> Input data:
(* Consider the mixed-integer bilevel problem $$\min_{x,y}\ c_1^\top x+d_1^\top y\quad\text{s.t.}\quad A_1x+B_1y\le b_1,\qquad y\in\arg\min_{z}\{c_2^\top x+d_2^\top z:\ A_2x+B_2z\le b_2\},$$ with $x\in\mathbb{R}^{n_x}$, lower-level variables $z=(z_C,z_I)$ with $z_C\in\mathbb{R}^{n_{yC}}$ continuous and $z_I\in\{0,1\}^{n_{yI}}$ binary, $A_2\in\mathbb{R}^{m_2\times n_x}$, and $B_2=[B_{2C},B_{2I}]$ split by columns according to $(z_C,z_I)$. For a binary vector $\hat y_I\in\{0,1\}^{n_{yI}}$ and an index set $\mathcal{A}\subseteq\{1,\dots,m_2\}$ with $|\mathcal{A}|=n_{yC}$ such that the row-submatrix $B_{2C,\mathcal{A}}$ is invertible, define the affine map $$y_C^{\hat y_I,\mathcal{A}}(x)=B_{2C,\mathcal{A}}^{-1}\big(b_{2,\mathcal{A}}-B_{2I,\mathcal{A}}\hat y_I-A_{2,\mathcal{A}}x\big)$$ and the critical region $$CR(\hat y_I,\mathcal{A})=\{x\in\mathbb{R}^{n_x}:\ A_2x+B_{2C}\,y_C^{\hat y_I,\mathcal{A}}(x)+B_{2I}\hat y_I\le b_2\}.$$ Consider the following iteration (Parametric Region Search), started from some $x_0\in\mathbb{R}^{n_x}$ and without an iteration cap. At iteration $k=0,1,2,\dots$: (1) compute an optimal solution $y_k=(y_{C,k},\hat y_{I,k})$ of the lower-level problem $\min_z\{d_2^\top z: A_2x_k+B_2z\le b_2\}$ at $x=x_k$ and record it; (2) if $x_k\in CR_i$ for some $i\in\{0,\dots,k-1\}$, stop; (3) otherwise choose an index set $\mathcal{A}_k$ with $|\mathcal{A}_k|=n_{yC}$, $B_{2C,\mathcal{A}_k}$ invertible, such that the constraints indexed by $\mathcal{A}_k$ are active at $(x_k,y_k)$ and $y_{C,k}=y_C^{\hat y_{I,k},\mathcal{A}_k}(x_k)$, and set $CR_k=CR(\hat y_{I,k},\mathcal{A}_k)$; (4) let $x_{k+1}$ be any point of $CR_k$ (in the method, a minimizer of the upper-level objective with $y$ replaced by $(y_C^{\hat y_{I,k},\mathcal{A}_k}(x),\hat y_{I,k})$ over $x\in CR_k$ subject to the upper-level constraints), and continue with $k+1$. Assume that at every iteration the lower-level problem at $x_k$ has an optimal solution, that an index set $\mathcal{A}_k$ as in (3) exists, and that the point $x_{k+1}$ in (4) exists. Then $x_k\in CR_k$ for each $k$ at which step (3) is executed, the generated critical regions correspond to pairwise distinct pairs $(\hat y_{I,k},\mathcal{A}_k)$, and consequently the iteration stops after at most $2^{n_{yI}}\binom{m_2}{n_{yC}}+1$ iterations.
   Context: Notation: for a matrix $M$ and index set $\mathcal{A}$ of rows, $M_{\mathcal{A}}$ denotes the submatrix formed by the rows indexed by $\mathcal{A}$; similarly $b_{2,\mathcal{A}}$ is the subvector of $b_2$. A constraint $i$ of the lower level is active at $(x,z)$ if $(A_2x+B_2z)_i=(b_2)_i$. All inequalities between vectors are componentwise. The lower-level integer variables are assumed binary. *)

From HB Require Import structures.
From mathcomp Require Import all_boot all_order all_algebra.
Set Implicit Arguments. Unset Strict Implicit. Unset Printing Implicit Defensive.
Import Order.TTheory GRing.Theory Num.Theory.
Local Open Scope ring_scope.

Section PRS.
Variable R : realFieldType.

Definition mle (p q : nat) (u v : 'M[R]_(p, q)) : Prop :=
  forall i j, u i j <= v i j.

(* The row submatrix M_A, rows taken in increasing order of A, as a k x n
   matrix (k will be |A|; if #|A| <> k it is the zero matrix, but all uses
   below require #|A| = k). *)
Definition rowsA (m n k : nat) (A : {set 'I_m}) (M : 'M[R]_(m, n)) : 'M[R]_(k, n) :=
  conform_mx (0 : 'M[R]_(k, n)) (rowsub (@enum_val _ (mem A)) M).

Variables (nx nC nI m2 : nat).
Variables (A2 : 'M[R]_(m2, nx)) (B2C : 'M[R]_(m2, nC)) (B2I : 'M[R]_(m2, nI))
          (b2 : 'cV[R]_m2) (d2C : 'cV[R]_nC) (d2I : 'cV[R]_nI).

Definition binary (p : nat) (v : 'cV[R]_p) : Prop :=
  forall i, v i 0 = 0 \/ v i 0 = 1.

Definition ll_feasible (x : 'cV[R]_nx) (zC : 'cV[R]_nC) (zI : 'cV[R]_nI) : Prop :=
  binary zI /\ mle (A2 *m x + B2C *m zC + B2I *m zI) b2.

Definition ll_obj (zC : 'cV[R]_nC) (zI : 'cV[R]_nI) : R :=
  (d2C^T *m zC + d2I^T *m zI) 0 0.

Definition ll_optimal (x : 'cV[R]_nx) (zC : 'cV[R]_nC) (zI : 'cV[R]_nI) : Prop :=
  ll_feasible x zC zI /\
  forall zC' zI', ll_feasible x zC' zI' -> ll_obj zC zI <= ll_obj zC' zI'.

Definition yCmap (yI : 'cV[R]_nI) (A : {set 'I_m2}) (x : 'cV[R]_nx) : 'cV[R]_nC :=
  invmx (rowsA nC A B2C) *m
    (rowsA nC A b2 - rowsA nC A B2I *m yI - rowsA nC A A2 *m x).

Definition inCR (yI : 'cV[R]_nI) (A : {set 'I_m2}) (x : 'cV[R]_nx) : Prop :=
  mle (A2 *m x + B2C *m yCmap yI A x + B2I *m yI) b2.

Definition admissible (A : {set 'I_m2}) (x : 'cV[R]_nx)
    (yC : 'cV[R]_nC) (yI : 'cV[R]_nI) : Prop :=
  [/\ #|A| = nC,
      rowsA nC A B2C \in unitmx,
      (forall i, i \in A -> (A2 *m x + B2C *m yC + B2I *m yI) i 0 = b2 i 0)
    & yC = yCmap yI A x].

End PRS.

(* At iteration k the method does not stop at step (2) (so step (3) is executed):
   x_k lies in none of CR_0, ..., CR_{k-1}. *)
Definition continues (R : realFieldType) (nx nI m2 nC : nat)
    (A2 : 'M[R]_(m2, nx)) (B2C : 'M[R]_(m2, nC)) (B2I : 'M[R]_(m2, nI))
    (b2 : 'cV[R]_m2)
    (x : nat -> 'cV[R]_nx) (yI : nat -> 'cV[R]_nI) (Aset : nat -> {set 'I_m2})
    (k : nat) : Prop :=
  forall i, (i < k)%N -> ~ inCR A2 B2C B2I b2 (yI i) (Aset i) (x k).

(* Step (3) makes y_{C,k} = y_C^{yI_k,A_k}(x_k), so feasibility of y_k at x_k
   says precisely that x_k lies in its own region CR_k.  Since step (2) found
   x_k outside CR_0, ..., CR_{k-1}, the pair (yI_k, A_k) differs from all the
   earlier ones.  There are only 2^nI binary vectors and C(m2, nC) index sets of
   size nC, so by pigeonhole the method cannot pass step (2) more than
   2^nI C(m2, nC) times. *)

From Stdlib Require Import Classical.
From HB Require Import structures.
From mathcomp Require Import all_boot all_order all_algebra.
Set Implicit Arguments. Unset Strict Implicit. Unset Printing Implicit Defensive.
Import Order.TTheory GRing.Theory Num.Theory.
Local Open Scope ring_scope.

Lemma first_failure (P : nat -> Prop) (n : nat) :
  (forall j, (j < n)%N -> P j) \/
  exists K, [/\ (K < n)%N, forall j, (j < K)%N -> P j & ~ P K].
Proof.
elim: n => [|n [IH|[K [ltKn PK nPK]]]]; first by left.
- have [Pn|nPn] := classic (P n); last by right; exists n.
  by left=> j; rewrite ltnS leq_eqVlt => /predU1P[->|/IH].
- by right; exists K; split=> //; apply: ltnW.
Qed.

Definition binary_pattern (R : realFieldType) (p : nat) (v : 'cV[R]_p) :
    {ffun 'I_p -> bool} :=
  [ffun i => v i 0 == 1].

Lemma binary_pattern_inj (R : realFieldType) (p : nat) (u v : 'cV[R]_p) :
  binary u -> binary v -> binary_pattern u = binary_pattern v -> u = v.
Proof.
move=> bu bv /ffunP eq_uv; apply/matrixP => i j; rewrite (ord1 j).
have := eq_uv i; rewrite !ffunE.
by case: (bu i) => ->; case: (bv i) => -> //; rewrite eqxx eq_sym oner_eq0.
Qed.

Lemma distinct_binary_subset_pairs_le (R : realFieldType) (p m c n : nat)
    (v : nat -> 'cV[R]_p) (S : nat -> {set 'I_m}) :
  (forall k, (k < n)%N -> binary (v k) /\ #|S k| = c) ->
  (forall i j, (i < j < n)%N -> (v i, S i) <> (v j, S j)) ->
  (n <= 2 ^ p * 'C(m, c))%N.
Proof.
move=> vSk distinct_vS.
pose f (k : 'I_n) := (binary_pattern (v k), S k).
have f_inj : injective f.
  have f_lt (k1 k2 : 'I_n) : (k1 < k2)%N -> f k1 <> f k2.
    move=> lt12 [eq_v eq_S]; apply: (distinct_vS k1 k2); first by rewrite lt12 /=.
    have [bv1 _] := vSk k1 (ltn_ord k1); have [bv2 _] := vSk k2 (ltn_ord k2).
    by rewrite (binary_pattern_inj bv1 bv2 eq_v) eq_S.
  move=> k1 k2 eq_f; apply: val_inj; case: (ltngtP k1 k2) => // lt; exfalso.
  - exact: f_lt lt eq_f.
  - exact: f_lt lt (esym eq_f).
have : (#|f @: [set: 'I_n]| <= #|setX [set: {ffun 'I_p -> bool}]
                                     [set A : {set 'I_m} | #|A| == c]|)%N.
  apply/subset_leq_card/subsetP => _ /imsetP[k _ ->].
  by rewrite !inE /= (proj2 (vSk k (ltn_ord k))) eqxx.
by rewrite card_imset // cardsX !cardsT card_ord card_ffun card_bool card_ord
           card_draws card_ord.
Qed.

Lemma inCR_of_admissible (R : realFieldType) (nx nC nI m2 : nat)
    (A2 : 'M[R]_(m2, nx)) (B2C : 'M[R]_(m2, nC)) (B2I : 'M[R]_(m2, nI))
    (b2 : 'cV[R]_m2) (A : {set 'I_m2}) (x : 'cV[R]_nx) (yC : 'cV[R]_nC)
    (yI : 'cV[R]_nI) :
  ll_feasible A2 B2C B2I b2 x yC yI -> admissible A2 B2C B2I b2 A x yC yI ->
  inCR A2 B2C B2I b2 yI A x.
Proof. by move=> [_ feas] [_ _ _ def_yC]; rewrite /inCR -def_yC. Qed.

Section RegionSearch.

Variables (R : realFieldType) (nx nC nI m2 : nat).
Variables (A2 : 'M[R]_(m2, nx)) (B2C : 'M[R]_(m2, nC)) (B2I : 'M[R]_(m2, nI))
          (b2 : 'cV[R]_m2) (d2C : 'cV[R]_nC) (d2I : 'cV[R]_nI).
Variables (x : nat -> 'cV[R]_nx) (yC : nat -> 'cV[R]_nC)
          (yI : nat -> 'cV[R]_nI) (Aset : nat -> {set 'I_m2}).

Local Notation continues := (continues A2 B2C B2I b2 x yI Aset).

Hypothesis ll_optimal_iterate : forall k,
  (forall j, (j < k)%N -> continues j) ->
  ll_optimal A2 B2C B2I b2 d2C d2I (x k) (yC k) (yI k).
Hypothesis admissible_iterate : forall k,
  (forall j, (j <= k)%N -> continues j) ->
  admissible A2 B2C B2I b2 (Aset k) (x k) (yC k) (yI k).

Lemma inCR_iterate k : (forall j, (j <= k)%N -> continues j) ->
  inCR A2 B2C B2I b2 (yI k) (Aset k) (x k).
Proof.
move=> cont; apply: inCR_of_admissible (admissible_iterate cont).
by case: (ll_optimal_iterate (fun j lt_jk => cont j (ltnW lt_jk))).
Qed.

Lemma iterate_pairs_distinct i j : (i < j)%N ->
  (forall l, (l <= j)%N -> continues l) -> (yI i, Aset i) <> (yI j, Aset j).
Proof.
move=> lt_ij cont [eq_yI eq_A]; apply: (cont j (leqnn j) i lt_ij).
by rewrite eq_yI eq_A; apply: inCR_iterate.
Qed.

Lemma continues_bound n : (forall j, (j < n)%N -> continues j) ->
  (n <= 2 ^ nI * 'C(m2, nC))%N.
Proof.
move=> cont; apply: (distinct_binary_subset_pairs_le (v := yI) (S := Aset)).
  move=> k lt_kn.
  have cont_k l (le_lk : (l <= k)%N) := cont l (leq_ltn_trans le_lk lt_kn).
  have [[bin _] _] := ll_optimal_iterate (fun l lt_lk => cont_k l (ltnW lt_lk)).
  have [cardA _ _ _] := admissible_iterate cont_k.
  by split.
move=> i j /andP[lt_ij lt_jn]; apply: iterate_pairs_distinct lt_ij _.
by move=> l le_lj; apply: cont; apply: leq_ltn_trans lt_jn.
Qed.

End RegionSearch.

Theorem mainTheorem1 (R : realFieldType) (nx nC nI m2 : nat)
  (A2 : 'M[R]_(m2, nx)) (B2C : 'M[R]_(m2, nC)) (B2I : 'M[R]_(m2, nI))
  (b2 : 'cV[R]_m2) (d2C : 'cV[R]_nC) (d2I : 'cV[R]_nI)
  (x : nat -> 'cV[R]_nx) (yC : nat -> 'cV[R]_nC) (yI : nat -> 'cV[R]_nI)
  (Aset : nat -> {set 'I_m2}) :
  (* step (1): y_k is an optimal lower-level solution at x_k, whenever
     iteration k is reached *)
  (forall k, (forall j, (j < k)%N -> continues A2 B2C B2I b2 x yI Aset j) ->
     ll_optimal A2 B2C B2I b2 d2C d2I (x k) (yC k) (yI k)) ->
  (* step (3): A_k is admissible whenever step (3) is executed at k *)
  (forall k, (forall j, (j <= k)%N -> continues A2 B2C B2I b2 x yI Aset j) ->
     admissible A2 B2C B2I b2 (Aset k) (x k) (yC k) (yI k)) ->
  (* step (4): x_{k+1} \in CR_k whenever step (3) is executed at k *)
  (forall k, (forall j, (j <= k)%N -> continues A2 B2C B2I b2 x yI Aset j) ->
     inCR A2 B2C B2I b2 (yI k) (Aset k) (x k.+1)) ->
  [/\ (* x_k \in CR_k whenever step (3) is executed at k *)
      (forall k, (forall j, (j <= k)%N -> continues A2 B2C B2I b2 x yI Aset j) ->
         inCR A2 B2C B2I b2 (yI k) (Aset k) (x k)),
      (* the pairs (yI_k, A_k) of generated regions are pairwise distinct *)
      (forall i j, (i < j)%N ->
         (forall l, (l <= j)%N -> continues A2 B2C B2I b2 x yI Aset l) ->
         (yI i, Aset i) <> (yI j, Aset j))
    & (* the method stops at step (2) of some iteration K, i.e. after
         K+1 <= 2^nI * C(m2, nC) + 1 iterations *)
      exists K : nat, (K.+1 <= 2 ^ nI * 'C(m2, nC) + 1)%N /\
        (forall j, (j < K)%N -> continues A2 B2C B2I b2 x yI Aset j) /\
        ~ continues A2 B2C B2I b2 x yI Aset K].
Proof.
(* Termination does not depend on how x_{k+1} is chosen in CR_k. *)
move=> ll_opt adm _.
split; first exact: inCR_iterate ll_opt adm.
  exact: iterate_pairs_distinct ll_opt adm.
have [cont|[K [lt_K cont nK]]] :=
  first_failure (continues A2 B2C B2I b2 x yI Aset) (2 ^ nI * 'C(m2, nC)).+1.
  by have := continues_bound ll_opt adm cont; rewrite ltnn.
by exists K; rewrite addn1.
Qed.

> Assignment:
Would you filter the records and copy out each line containing "whenever"?

> Exercise result:
  (* step (1): y_k is an optimal lower-level solution at x_k, whenever
  (* step (3): A_k is admissible whenever step (3) is executed at k *)
  (* step (4): x_{k+1} \in CR_k whenever step (3) is executed at k *)
  [/\ (* x_k \in CR_k whenever step (3) is executed at k *)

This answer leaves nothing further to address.